3rd part :- Render will be blocked until microtask are finished so therefore also render will be blocked when you use lots of promises or it has heavy logic inside it

if( isRenderTime() { render();}

Examples of macro-tasks are setInterval, setImmediate, setTimeout, I/O tasks.

Example of micro-tasks are Promises.

Consider an example :-

setTimeout(function() {
console.log(I am inside setTimeout);
}, 0);
Promise.resolve().then(function() {
console.log(Promise made);
}).then(function() {
console.log(‘Promise kept’’);
console.log(“I will run synchronously”’);

Ideally ‘setTimeout’ should log before promise according to the working of event loop because it would be the first task waiting in the message queue to get executed but due to micro-tasks and macro-tasks logic, the actual output of this example is:-

I will run synchronously

Promise made // Promise is displayed first despite in script it is written as second.

Promise kept

I am inside setTimeout

You may think that setTimeout should be logged first because a macro-task is run first before clearing the micro-task queue. And, when looking back at the script, there is no macro-task enqueued prior to the setTimeout call.

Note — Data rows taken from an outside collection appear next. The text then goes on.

Lemma num_edges_le_independence_depth (R : realType) (n : nat)
    (I : 'I_n -> circ_arc R) (alpha omega : nat) :
  (forall i, wf_arc (I i)) -> independence_number I = alpha ->
  is_max_depth I omega -> (num_edges I <= 4 * alpha * omega ^ 2)%N.
Proof.
move=> wfI <- [_ depthI]; have edges_le := num_edges_le_depth wfI depthI.
have [n0|n_gt0] := posnP n.
  have -> : num_edges I = 0%N.
    by apply/eqP; rewrite -leqn0 (leq_trans edges_le) // n0 muln0.
  by [].
have alpha_gt0 : (0 < independence_number I)%N.
  by rewrite -(cards1 (Ordinal n_gt0)); apply/leq_independence_number/independent_set1.
have := card_le_depth_independence wfI depthI; nia.
Qed.

Section NatFractions.
Variables (R : numFieldType) (N : nat).
Hypothesis N_gt0 : (0 < N)%N.

Lemma ler_nat_div m p : (m%:R / N%:R <= p%:R / N%:R :> R) = (m <= p)%N.
Proof. by rewrite ler_pM2r ?invr_gt0 ?ltr0n // ler_nat. Qed.

Lemma ltr_nat_div1 m : (m%:R / N%:R < 1 :> R) = (m < N)%N.
Proof. by rewrite ltr_pdivrMr ?ltr0n // mul1r ltr_nat. Qed.

End NatFractions.

Section ClusterIndex.
Variables (a w : nat).
Hypothesis w_gt0 : (0 < w)%N.

Fact cluster_subproof (i : 'I_(a * w)) : (i %/ w < a)%N.
Proof. by rewrite ltn_divLR. Qed.

Fact cluster_index_subproof (g : 'I_a) (k : 'I_w) : (g * w + k < a * w)%N.
Proof. have := ltn_ord g; have := ltn_ord k; nia. Qed.

Definition cluster (i : 'I_(a * w)) : 'I_a := Ordinal (cluster_subproof i).
Definition level (i : 'I_(a * w)) : 'I_w := Ordinal (ltn_pmod i w_gt0).
Definition cluster_index (g : 'I_a) (k : 'I_w) : 'I_(a * w) :=
  Ordinal (cluster_index_subproof g k).

Lemma cluster_indexK k : cancel (cluster_index ^~ k) cluster.
Proof. by move=> g; apply: val_inj; rewrite /= divnMDl // divn_small ?addn0. Qed.

Lemma level_cluster_indexK g : cancel (cluster_index g) level.
Proof. by move=> k; apply: val_inj; rewrite /= modnMDl modn_small. Qed.

Lemma cluster_level_inj i j : cluster i = cluster j -> level i = level j -> i = j.
Proof.
move=> /(congr1 val) /= eq_div /(congr1 val) /= eq_mod; apply: val_inj.
by rewrite /= (divn_eq i w) (divn_eq j w) eq_div eq_mod.
Qed.

End ClusterIndex.

Section NestedArcs.
Variables (R : realType) (a w : nat).
Hypotheses (a_gt0 : (0 < a)%N) (w_gt0 : (0 < w)%N).

Local Notation d := ((2 * a * w)%:R : R).

Let den_gt0 : (0 < 2 * a * w)%N.
Proof. by rewrite !muln_gt0 a_gt0 w_gt0. Qed.

(* Cluster [g] starts at [g / a] and its arcs have length at most [1 / (2 a)],
   so distinct clusters are disjoint. *)
Definition nested_arc (g k : nat) : circ_arc R :=
  Arc ((2 * w * g)%:R / d) (k.+1%:R / d).

Lemma nested_arc_end g k : arc_end (nested_arc g k) = (2 * w * g + k.+1)%:R / d.
Proof. by rewrite /arc_end natrD mulrDl. Qed.

Lemma nested_arc_inj g k g' k' :
  nested_arc g k = nested_arc g' k' -> g = g' /\ k = k'.
Proof.
move=> [/eqP start_eq /eqP len_eq].
rewrite eq_le !ler_nat_div // -eqn_leq eqn_pmul2l in start_eq; last by rewrite muln_gt0.
by rewrite eq_le !ler_nat_div // -eqn_leq in len_eq; split; apply/eqP.
Qed.

Section BoundedIndices.
Variables (g k : nat).
Hypotheses (g_lt : (g < a)%N) (k_lt : (k < w)%N).

Lemma wf_nested_arc : wf_arc (nested_arc g k).
Proof.
rewrite /wf_arc /= !ltr_nat_div1 // divr_ge0 ?divr_gt0 ?ler0n ?ltr0n //=.
by split; nia.
Qed.
Lemma conv_bilinear_le (w u v : F -> C) (s : C) :
  (forall x, u x \is Num.real) -> (forall x, v x \is Num.real) ->
  (forall xi, `|fourier w xi| <= s) ->
  `|\sum_a \sum_b w (a - b) * u a * v b| *+ 2 <=
    s * (\sum_a u a ^+ 2 + \sum_b v b ^+ 2).
Proof.
move=> u_real v_real w_le.
have q_gt0 : 0 < q%:R :> C by rewrite ltr0n; apply/card_gt0P; exists 0.
rewrite -(ler_pM2l q_gt0) mulrnAr mulrCA mulrDr -!parseval //.
rewrite -[q%:R in X in X *+ 2](ger0_norm (ltW q_gt0)) -normrM -sum_fourier_triple.
rewrite [\sum_xi `|fourier u xi| ^+ 2](reindex_inj oppr_inj) -big_split /= mulr_sumr.
apply: (@le_trans _ _
  ((\sum_xi `|fourier w xi * fourier u (- xi) * fourier v xi|) *+ 2)).
  by rewrite lerMn2r ler_norm_sum orbT.
rewrite -sumrMnl; apply: ler_sum => xi _.
rewrite 2!normrM -mulrA -mulrnAr.
apply: ler_pM; rewrite ?normr_ge0 ?mulrn_wge0 ?mulr_ge0 ?normr_ge0 //.
by apply: real_leif_mean_square_scaled; rewrite normr_real.
Qed.

Variable S : {set F}.
Hypothesis S1 : 1 \in S.
Hypothesis S0 : 0 \notin S.
Hypothesis mulS : {in S &, forall t x, t * x \in S}.
Hypothesis invS : {in S, forall t, t^-1 \in S}.
Local Notation W := (balanced S : F -> C).

Lemma sum_in_setE (g : F -> C) : \sum_x (x \in S)%:R * g x = \sum_(x in S) g x.
Proof.
by rewrite [RHS]big_mkcond; apply: eq_bigr => x _; case: (x \in S); rewrite ?mul1r ?mul0r.
Qed.

Lemma sum_in_set1 : \sum_x ((x \in S)%:R : C) = #|S|%:R.
Proof.
by rewrite -sum1_card natr_sum [RHS]big_mkcond; apply: eq_bigr => x _; case: (x \in S).
Qed.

No code runs in JS unless an event has occurred. This event is known as run script and it is queued as a macro-task inside macro-task queue. At the execution of any JS file, the JS engine wraps the contents in a function and associates the function with an event, either start or launch. This is the run script event and is added to the task queue (as a macro-task).

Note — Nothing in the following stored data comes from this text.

Lemma cond1_Con_ConQ (K : Type) : cond1 K (Con A) -> cond1 K (ConQ A).
Proof.
move=> hCon U [f Uf].
pose V th := exists k, th = f k /\ exists2 u, U u & rad_equiv u (f k).
have [|e [[g [eg0 eg1]] AnnV]] := hCon V.
  by exists f => _ [k [-> _]]; exists k; split.
have AnnUV x : in_Ann (ConQ A) U x <-> in_Ann (Con A) V x.
  rewrite in_Ann_Con_ConQ; split; apply: in_Ann_ConQ_rho => //.
  - by move=> v [k [-> [u Uu [_ ku]]]]; exists u.
  - move=> u Uu; have [k uk] := Uf u Uu.
    by exists (f k); [exists k; split=> //; exists u | case: uk].
have AnnV_e : in_Ann (ConQ A) V e by apply/in_Ann_Con_ConQ/AnnV/sle_ConP.
exists e; split; first by exists g; split; apply: releq_rad_equiv.
move=> x; rewrite AnnUV AnnV sle_ConP sle_ConQP; split.
  by move=> xe a b /xe; apply: rho_sub.
move=> xe; apply/sle_ConP/AnnV/in_Ann_Con_ConQ.
apply: in_Ann_ConQ_rho AnnV_e; last by move=> v Vv; exists v.
by move=> a b /(rho_mono xe); apply: rho_idem.
Qed.

Hypothesis A_rho_full :
  forall th, (forall a b, rho A th a b) -> forall a b, th a b.

Lemma cond1_ConQ_Con (K : Type) : cond1 K (ConQ A) -> cond1 K (Con A).
Proof.
move=> hQ U [f Uf].
have [|e [[g [eg0 eg1]] AnnU]] := hQ U.
  by exists f => u /Uf [k uk]; exists k; apply: releq_rad_equiv.
exists (rho_cong e); split.
  exists g; split.
  - split=> [a b [e_ab g_ab]|a b ->]; last exact: (cong_refl (cmeet _ _)).
    by move/rad_equiv_cmeet_cbot: eg0; apply=> //; apply: rho_sub.
  - split=> // a b _; apply: A_rho_full => c d.
    have := proj2 eg1 c d (rho_ctop c d).
    apply: rho_mono => p q pq r [e_r g_r] r_cong.
    by apply: pq r_cong; split=> // u v uv; apply/e_r/rho_sub.
by move=> x; rewrite (in_Ann_Con_ConQ U x) AnnU sle_ConP sle_ConQP.
Qed.

End RadicalQuotient.

Lemma sval_inj (T : Type) (P : T -> Prop) (p q : {x : T | P x}) :
  sval p = sval q -> p = q.
Proof. by apply: eq_sig_hprop => x; apply: proof_irrelevance. Qed.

So the flow of the above example is:

  1. Initially:
    LOG (output screen):
    Macro-task : Run Script, SetTimeOutCallBack
    Micro-tasks : promise then, promise then
  2. Now, the first macro-task (run script) is executed:
    LOG (output screen) :   I will run synchronously
    Macro-task: SetTimeOutCallBack
    Micro-tasks: promise then, promise then
  3. Now, the micro-task queue is finished
    LOG (output screen):I will run synchronously
    Promise made
    Promise kept
    Macro-task: SetTimeOutCallBack
  4. Finally, SetTimeOutCallBack is executed
    LOG (output screen) : I will run synchronously
    Promise made
    Promise kept
    I am inside setTimeout

Simplifying Tasks

  1. The job of the event loop is to constantly monitor the message queue (for tasks) and the execution stack and to push the first callback function in-line onto the execution stack, as soon as the stack is empty.
  2. All tasks are not created the same inside message queue. There are macro-tasks and micro-tasks.
  3. Examples of macro-tasks are setInterval, setImmediate, setTimeout, I/O tasks.
  4. Examples of micro-tasks are Promises, process.nextTick.
  5. For each of the ‘event loop’, one macro-task is completed out of the macro-task queue. After the respective macro-task is complete, the event loop visits the micro-task queue and the entire queue is completed before moving on to the next.